Okay, I’m feeling cocky. Having won three games in a row, I’m gonna start a new game but automatically dealing 10 cards from the stock regardless of the initial deal. Again we will look at the same questions as last time.
- How many cards are we guaranteed to turn over even if all face-down cards happen to contain faces of random politicians? (and the rules say we can’t do anything with them).
- What are the chances of drawing a good card (assuming each rank occurs with probability 1/13 and politicians occur with probability zero).
This is much harder than the previous example. As I mentioned earlier, one of the non-trivial aspects of Spider Solitaire is exposed cards are not necessarily in descending sequence (now you can see why).
To answer the first question, I recommend the beginner should break the problem down by considering each column in isolation. Assuming the columns are numbered 1-10 from left to right is it possible to turn over a card in column 1, even if we were willing to trash the rest of the tableau in every way possible? Then repeat the same question for column 2, column 3 etc. The answers for each column are summarised below:
- Clearly impossible: to shift the Deuce we need another Three, but the only other Three is covered by a king. Note that if the 2-3 were in-suit then yes, it could be done.
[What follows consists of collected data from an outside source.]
Lemma in_eSf_comp (e f f' g : S) (u v : S) :
  in_eSf e u f -> in_eSf f' v g -> in_eSf e (smul u v) g.
Proof.
  intros [s Hs] [t Ht]. exists (smul (smul s f) (smul f' t)).
  subst u v. rewrite !smulA. reflexivity.
Qed.

Lemma in_eSf_id (e : Idem S) : in_eSf e e e.
Proof. exists (ival e). rewrite !idem. reflexivity. Qed.

Lemma in_eSf_cone (e g : Idem S) : in_eSf g (smul g e) e.
Proof. exists (ival g). rewrite idem. reflexivity. Qed.

End Constructions.

(* Categories presented by setoids of objects and morphisms, with a    *)
(* distinguished class of inclusions. Composition is left to right:    *)
(* comp f g means "first f, then g".                                   *)

Record SCat := {
  Ob : Type;
  Mor : Type;
  ob_eq : Ob -> Ob -> Prop;
  mor_eq : Mor -> Mor -> Prop;
  dom : Mor -> Ob;
  cod : Mor -> Ob;
  comp : Mor -> Mor -> Mor;
  idm : Ob -> Mor;
  is_incl : Mor -> Prop
}.

Arguments ob_eq {s} _ _.
Arguments mor_eq {s} _ _.
Arguments dom {s} _.
Arguments cod {s} _.
Arguments comp {s} _ _.
Arguments idm {s} _.
Arguments is_incl {s} _.

Definition is_functor (C D : SCat) (Fo : Ob C -> Ob D) (Fm : Mor C -> Mor D) : Prop :=
  (forall a b, ob_eq a b -> ob_eq (Fo a) (Fo b)) /\
  (forall m n, mor_eq m n -> mor_eq (Fm m) (Fm n)) /\
  (forall m, ob_eq (dom (Fm m)) (Fo (dom m)) /\ ob_eq (cod (Fm m)) (Fo (cod m))) /\
  (forall m n, ob_eq (cod m) (dom n) -> mor_eq (Fm (comp m n)) (comp (Fm m) (Fm n))) /\
  (forall a, mor_eq (Fm (idm a)) (idm (Fo a))).

Definition inclusion_preserving (C D : SCat) (Fm : Mor C -> Mor D) : Prop :=
  forall m, is_incl m -> is_incl (Fm m).

Definition normal_cat_iso (C D : SCat) (Fo : Ob C -> Ob D) (Fm : Mor C -> Mor D) : Prop :=
  is_functor Fo Fm /\ inclusion_preserving Fm /\
  exists (Go : Ob D -> Ob C) (Gm : Mor D -> Mor C),
    is_functor Go Gm /\ inclusion_preserving Gm /\
    (forall a, ob_eq (Go (Fo a)) a) /\ (forall b, ob_eq (Fo (Go b)) b) /\
    (forall m, mor_eq (Gm (Fm m)) m) /\ (forall n, mor_eq (Fm (Gm n)) n).

(* Objects are represented by idempotents e (standing for the class    *)
(* <-e, ->e, or the set S e, e S respectively).                        *)

Section Cats.
Variable S : Semigroup.

Inductive LGMor := rmor (e : Idem S) (u : S) (f : Idem S) (H : in_eSf e u f).
Inductive RGMor := lmor (e : Idem S) (u : S) (f : Idem S) (H : in_eSf f u e).
(* rho(e,u,f) : S e -> S f, t |-> t u, u in e S f *)
Inductive LSMor := rho (e : Idem S) (u : S) (f : Idem S) (H : in_eSf e u f).
(* lambda(e,w,f) : e S -> f S, t |-> w t, w in f S e *)
Inductive RSMor := lam (e : Idem S) (w : S) (f : Idem S) (H : in_eSf f w e).
Arguments rmor : clear implicits.
Arguments lmor : clear implicits.
Arguments rho : clear implicits.
Arguments lam : clear implicits.

Definition LG_eq (m n : LGMor) : Prop :=
  let (e, u, f, _) := m in let (g, v, h, _) := n in
  greenL e g /\ greenL f h /\ u = smul (ival e) v.
Definition RG_eq (m n : RGMor) : Prop :=
  let (e, u, f, _) := m in let (g, v, h, _) := n in
  greenR e g /\ greenR f h /\ u = smul v (ival e).

Definition LS_obeq (e g : Idem S) : Prop := forall x, inSe e x <-> inSe g x.
Definition RS_obeq (e g : Idem S) : Prop := forall x, ineS e x <-> ineS g x.

Definition LS_eq (m n : LSMor) : Prop :=
  let (e, u, f, _) := m in let (g, v, h, _) := n in
  LS_obeq e g /\ LS_obeq f h /\ (forall t, inSe e t -> smul t u = smul t v).
Definition RS_eq (m n : RSMor) : Prop :=
  let (e, w, f, _) := m in let (g, v, h, _) := n in
  RS_obeq e g /\ RS_obeq f h /\ (forall t, ineS e t -> smul w t = smul v t).

Definition LG_comp (m n : LGMor) : LGMor :=
  let (e, u, f, H) := m in let (f', v, g, H') := n in
  rmor e (smul u v) g (in_eSf_comp H H').
Definition RG_comp (m n : RGMor) : RGMor :=
  let (e, u, f, H) := m in let (f', v, g, H') := n in
  lmor e (smul v u) g (in_eSf_comp H' H).
Definition LS_comp (m n : LSMor) : LSMor :=
  let (e, u, f, H) := m in let (f', v, g, H') := n in
  rho e (smul u v) g (in_eSf_comp H H').
Definition RS_comp (m n : RSMor) : RSMor :=
  let (e, w, f, H) := m in let (f', v, g, H') := n in
  lam e (smul v w) g (in_eSf_comp H' H).

(* Inclusions.  In L_G: the morphisms r(e,e,f) with e = e f (i.e. S e ⊆ S f);
   in R_G: l(e,e,f) with e = f e (i.e. e S ⊆ f S); in L_S and R_S: the
   set-theoretic inclusion maps S e ⊆ S f, e S ⊆ f S. *)
Definition LG_incl (m : LGMor) : Prop :=
  exists m', LG_eq m m' /\
    (let (e, u, f, _) := m' in u = ival e /\ ival e = smul (ival e) (ival f)).
Definition RG_incl (m : RGMor) : Prop :=
  exists m', RG_eq m m' /\
    (let (e, u, f, _) := m' in u = ival e /\ ival e = smul (ival f) (ival e)).
Definition LS_incl (m : LSMor) : Prop :=
  let (e, u, f, _) := m in
  (forall x, inSe e x -> inSe f x) /\ (forall t, inSe e t -> smul t u = t).
Definition RS_incl (m : RSMor) : Prop :=
  let (e, w, f, _) := m in
  (forall x, ineS e x -> ineS f x) /\ (forall t, ineS e t -> smul w t = t).

Definition LG : SCat := {|
  Ob := Idem S; Mor := LGMor; ob_eq := fun e g => greenL e g; mor_eq := LG_eq;
  dom := fun m => let (e, _, _, _) := m in e;
  cod := fun m => let (_, _, f, _) := m in f;
  comp := LG_comp; idm := fun e => rmor e e e (in_eSf_id e); is_incl := LG_incl |}.

Definition RG : SCat := {|
  Ob := Idem S; Mor := RGMor; ob_eq := fun e g => greenR e g; mor_eq := RG_eq;
  dom := fun m => let (e, _, _, _) := m in e;
  cod := fun m => let (_, _, f, _) := m in f;
  comp := RG_comp; idm := fun e => lmor e e e (in_eSf_id e); is_incl := RG_incl |}.

Definition LS : SCat := {|
  Ob := Idem S; Mor := LSMor; ob_eq := LS_obeq; mor_eq := LS_eq;
  dom := fun m => let (e, _, _, _) := m in e;
  cod := fun m => let (_, _, f, _) := m in f;
  comp := LS_comp; idm := fun e => rho e e e (in_eSf_id e); is_incl := LS_incl |}.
- Clearly impossible: the Jack can be shifted in two moves, but again there is no way to shift the Deuce
- This column contains a king. Don’t. Even. Think. About. It.
- Yes, even my Dad can do this.
- No. There is no spare Ten to shift the Nine.
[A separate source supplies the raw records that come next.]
(* Let $(S,\mathcal{S})$ be a measurable space and let $\mathcal{E}\subseteq\mathcal{P}(S)$ be a $\cap$-stable collection with $\sigma(\mathcal{E})=\mathcal{S}$, $\emptyset\in\mathcal{E}$ and $\mathcal{E}\subseteq (\mathcal{E}_{int})_{\sigma}$. If $\pi$ is a constructive cr-set, then \[ T_{\pi}(A)=\sup\{ T_{\pi}(F)\mid F\in\mathcal{E}_{int},\,F\subseteq A\}\quad\text{for all } A\in\mathcal{S}.\]
   Context: $(\Omega,\mathcal{F},P)$ is a probability space; $C(S)$ is the set of countable subsets of $S$; $N_A(M)=|A\cap M|$; $\mathcal{C}(\mathcal{S})=\sigma(N_A\mid A\in\mathcal{S})$; a cr-set is an $\mathcal{F}$-$\mathcal{C}(\mathcal{S})$ measurable map $\pi:\Omega\to C(S)$, finite if its values are finite; a map $\tau:\Omega\to C(S)$ is constructive if $\tau(\omega)=\bigcup_k\pi_k(\omega)$ for all $\omega$ for some finite cr-sets $\pi_k$, $k\in\mathbb{N}$. The hitting function is $T_\pi(A)=P(\pi\cap A\neq\emptyset)$, $A\in\mathcal{S}$. For a nonempty family $\mathcal{E}$: $\mathcal{E}_\sigma$ is the family of countable unions of $\mathcal{E}$-sets (empty union not included); $\mathcal{E}_{int}=\{\bigcap_n (S\setminus E_n)\mid E_n\in\mathcal{E}\}$. *)

From Stdlib Require Import Reals List.
Open Scope R_scope.

Definition sigma_algebra {T : Type} (F : (T -> Prop) -> Prop) : Prop :=
  F (fun _ => True) /\
  (forall A, F A -> F (fun x => ~ A x)) /\
  (forall A : nat -> T -> Prop, (forall n, F (A n)) -> F (fun x => exists n, A n x)).

Definition sigma_gen {T : Type} (G : (T -> Prop) -> Prop) : (T -> Prop) -> Prop :=
  fun X => forall Sig : (T -> Prop) -> Prop,
    sigma_algebra Sig -> (forall g, G g -> Sig g) -> Sig X.

Definition probability {Om : Type} (F : (Om -> Prop) -> Prop)
  (P : (Om -> Prop) -> R) : Prop :=
  sigma_algebra F /\
  (forall A, F A -> 0 <= P A) /\
  P (fun _ => True) = 1 /\
  (forall A : nat -> Om -> Prop,
     (forall n, F (A n)) ->
     (forall m n x, m <> n -> A m x -> A n x -> False) ->
     infinite_sum (fun n => P (A n)) (P (fun x => exists n, A n x))).

Definition countable {S : Type} (M : S -> Prop) : Prop :=
  exists f : S -> nat, forall x y, M x -> M y -> f x = f y -> x = y.

Definition has_card {S : Type} (X : S -> Prop) (n : nat) : Prop :=
  exists l : list S, NoDup l /\ length l = n /\ (forall x, X x <-> In x l).

Definition finite_set {S : Type} (X : S -> Prop) : Prop := exists n, has_card X n.

Definition CS (S : Type) : Type := { M : S -> Prop | countable M }.

(* N_A(M) = |A ∩ M| in N ∪ {∞}, with None standing for ∞ (given as a
   functional relation). *)
Definition NA {S : Type} (A : S -> Prop) (M : CS S) (k : option nat) : Prop :=
  match k with
  | Some n => has_card (fun x => A x /\ proj1_sig M x) n
  | None => ~ finite_set (fun x => A x /\ proj1_sig M x)
  end.

(* 𝒞(𝒮) = σ(N_A | A ∈ 𝒮), with N ∪ {∞} carrying its discrete sigma-algebra:
   generated by the preimages N_A^{-1}(B), B ⊆ N ∪ {∞}. *)
Definition CSigma {S : Type} (SS : (S -> Prop) -> Prop) : (CS S -> Prop) -> Prop :=
  sigma_gen (fun Y => exists (A : S -> Prop) (B : option nat -> Prop),
                SS A /\ forall M, Y M <-> (exists k, NA A M k /\ B k)).

Definition cr_set {Om S : Type} (F : (Om -> Prop) -> Prop)
  (SS : (S -> Prop) -> Prop) (pi : Om -> CS S) : Prop :=
  forall Y, CSigma SS Y -> F (fun w => Y (pi w)).

Definition finite_cr_set {Om S : Type} (F : (Om -> Prop) -> Prop)
  (SS : (S -> Prop) -> Prop) (pi : Om -> CS S) : Prop :=
  cr_set F SS pi /\ forall w, finite_set (proj1_sig (pi w)).

Definition constructive {Om S : Type} (F : (Om -> Prop) -> Prop)
  (SS : (S -> Prop) -> Prop) (tau : Om -> CS S) : Prop :=
  exists pik : nat -> Om -> CS S,
    (forall k, finite_cr_set F SS (pik k)) /\
    forall w x, proj1_sig (tau w) x <-> exists k, proj1_sig (pik k w) x.

Definition hitting {Om S : Type} (P : (Om -> Prop) -> R) (pi : Om -> CS S)
  (A : S -> Prop) : R :=
  P (fun w => exists x, proj1_sig (pi w) x /\ A x).

Definition Eint {S : Type} (E : (S -> Prop) -> Prop) : (S -> Prop) -> Prop :=
  fun X => exists En : nat -> S -> Prop,
    (forall n, E (En n)) /\ forall x, X x <-> (forall n, ~ En n x).

(* G_σ: (nonempty) countable unions of G-sets. A nonempty countable family
   can be enumerated (with repetitions) by nat. *)
Definition sigma_unions {S : Type} (G : (S -> Prop) -> Prop) : (S -> Prop) -> Prop :=
  fun X => exists Gn : nat -> S -> Prop,
    (forall n, G (Gn n)) /\ forall x, X x <-> (exists n, Gn n x).

(* Call A inner approximable for a random set rho if for every eps > 0 some
   G ∈ E_int with G ⊆ A satisfies P(rho meets A \ G) < eps.

   For rho finite-valued with measurable hitting events,
      every A in 𝒮 is inner approximable.  This is a good-set argument: the
      measurable A such that both A and its complement are inner approximable
      contain E (E ⊆ (E_int)_σ, and a finite set eventually misses a decreasing
      sequence of sets with empty intersection), and are closed under
      complements and countable unions (E_int is closed under finite unions and
      countable intersections; errors eps / 2^(n+1) add up to eps).
   2. Constructive sets.  If pi = ⋃_k pi_k with finite cr-sets pi_k, the
      truncations pi_0 ∪ ... ∪ pi_N are finite and increase to pi, so
      T_pi(A) = lim_N P(pi_0 ∪ ... ∪ pi_N meets A); applying 1 to one large
      truncation yields G ∈ E_int, G ⊆ A with T_pi(G) close to T_pi(A). *)

From Stdlib Require Import Reals Lra Lia List ClassicalEpsilon
  FunctionalExtensionality PropExtensionality Cantor.
Open Scope R_scope.

Lemma set_ext {T : Type} (A B : T -> Prop) : (forall x, A x <-> B x) -> A = B.
Proof.
  intro H; apply functional_extensionality; intro x.
  apply propositional_extensionality; auto.
Qed.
- Yes, but only because we are lucky enough to have a suited connector.
So our initial analysis shows that we can achieve a turnover in six out of 10 columns. But we haven’t established that it is possible to guarantee all six turnovers simultaneously. For instance, there could be supply/demand issues (remember in the earlier “non-cocky” example we had three sixes and only one seven) or there could be complex timing issues. But at least we know that the answer to Question 1 is at most 6.
Unfortunately there is no easy way to answer this question and we have to visualise (or experiment with 85,78,68,79). The beginner may find the latter helpful at first, but I strongly recommend he she or ze try to discard this dangerous habit as soon as possible.
You should find that 5 turnovers are possible. Further experimentation might reveal the reason why we can’t get all 6 turnovers: three of the “good” columns contain Sixes and we only have two Sevens. Therefore we can only obtain turnovers in two out of the three columns, (but at least we get to choose which ones). It is pure coincidence in both examples, we had too many Sixes and not enough Sevens.
The diagram below shows the game state after obtaining 5 turnovers. I have replaced the newly exposed cards with random politicians so the reader can easily verify that (i) No further turnovers are possible without knowledge of these cards (ii) This position can in fact be reached from the original position. (In the actual game, the new cards gave me 2 extra turnovers).
Whew! That was a complex analysis: hopefully I have inserted more than enough corny jokes to prevent the reader from being totally confused and/or bored and I haven’t even attempted to answer the second question, so that will be for the next post. If you understood all of this perfectly and are really bored, perhaps you could try writing your own rap song for this position 😊
That’s it for now, happy spidering 😊